23 October 2006

regarding studio 60 and america's love of really stupid television...

The following is a response posted at Slate.com's "Fray" to this article by Slate's Dan Kois:

The writer here focused way too much on the sketch comedy portion of the show, which isn't necessarily going to be a regular part of the show. Tonight's episode for example featured no sketches, only a bit of stand-up at the Improv which I assume the show wrote. It wasn't terribly funny, but that served the plot.

I think the point here is that this is a drama about making a television show which happens to be late-night sketch comedy. It could have easily been a news show and we wouldn't even be having this discussion. However, I believe the reason Sorkin picked a sketch comedy show is because of its pop-culture legacy. Even when it isn't that good, it is memorable because they dare to take shots at anyone, but especially our so-called leaders. Making it about that kind of show creates the platform to go after the kind of issues Sorkin wants to sermonize about.

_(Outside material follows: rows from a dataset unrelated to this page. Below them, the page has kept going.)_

(* Let $X$ be a normed space and let $Y$ be a weakly sequentially complete Banach space ordered by a closed convex normal cone $K\subset Y$. Let $\alpha:\mathbb{R}_+\to\mathbb{R}_+$ be nondecreasing with $\lim_{t\to0^+}\alpha(t)/t=0$. Let $A\subset X$ be convex, let $k_0\in K\setminus\{0\}$, and let $F:X\to Y$ be strongly $\alpha(\cdot)$-$k_0$ paraconvex on $A$ with constant $C\ge 0$. Let $x_0\in A$ and $h\in X$ with $\|h\|=1$ be such that there is $\delta_0>0$ with $x_0+th\in A$ for all $t\in(-\delta_0,\delta_0)$. Then the directional derivative $$F'(x_0;h):=\lim_{t\to0^+}\frac{F(x_0+th)-F(x_0)}{t}$$ exists, the limit being taken in the norm topology of $Y$.
   Context: For a convex cone $K\subset Y$, write $x\le_K y$ iff $y-x\in K$. A cone $K$ in a normed space $Y$ is normal if there is a constant $c>0$ such that $0\le_K x\le_K y$ implies $\|x\|\le c\|y\|$. A mapping $F:X\to Y$ is strongly $\alpha(\cdot)$-$k_0$ paraconvex on a convex set $A\subset X$ with constant $C\ge0$ (where $k_0\in K$) if for all $x_1,x_2\in A$ and all $\lambda\in[0,1]$, $$F(\lambda x_1+(1-\lambda)x_2)\le_K \lambda F(x_1)+(1-\lambda)F(x_2)+C\min\{\lambda,1-\lambda\}\,\alpha(\|x_1-x_2\|)\,k_0.$$ *)

From Stdlib Require Import Reals Lra.
Open Scope R_scope.

Record NormedSpace : Type := mkNormedSpace {
  ns_car :> Type;
  vzero : ns_car;
  vadd : ns_car -> ns_car -> ns_car;
  vopp : ns_car -> ns_car;
  vscal : R -> ns_car -> ns_car;
  vnorm : ns_car -> R;
  vadd_assoc : forall x y z, vadd x (vadd y z) = vadd (vadd x y) z;
  vadd_comm : forall x y, vadd x y = vadd y x;
  vadd_0 : forall x, vadd x vzero = x;
  vadd_opp : forall x, vadd x (vopp x) = vzero;
  vscal_1 : forall x, vscal 1 x = x;
  vscal_assoc : forall a b x, vscal a (vscal b x) = vscal (a * b) x;
  vscal_distr_v : forall a x y, vscal a (vadd x y) = vadd (vscal a x) (vscal a y);
  vscal_distr_r : forall a b x, vscal (a + b) x = vadd (vscal a x) (vscal b x);
  vnorm_eq0 : forall x, vnorm x = 0 -> x = vzero;
  vnorm_scal : forall a x, vnorm (vscal a x) = Rabs a * vnorm x;
  vnorm_triangle : forall x y, vnorm (vadd x y) <= vnorm x + vnorm y
}.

Clearly some people tuned in week 1 thinking it was going to be 40 minutes of sketch comedy in prime-time and 10 minutes of behind-the scenes filler. Obviously if that is why you tuned in you made a mistake. So before you criticize the show for doing a bad job at creating sketch comedy moments, look more carefully at the real show, which incidentally is a drama. The sketch comedy doesn't have to be that great to be reminiscent of SNL, KITH, or MPFC, which is all it takes to serve its role as a plot device!Hopefully NBC isn't so dense as to think this show won't help pay the bills for the next 8-10 years.

Peace,

Brian

Oh and another thing, I seem to remember some of the dialogue on the show being ABOUT Matt-the-character's shyness to write really cutting edge political satire.The way I see it, the show is clearly meant to evolve. Tonight DL's character accused Perry's of being afraid to write good black comedy (African-American that is). So I think we are missing the point if we think the sketch comedy is supposed to be terrific already. I think the show is a work-in-progress, and I think the show-within-a-show is also a work-in-progress.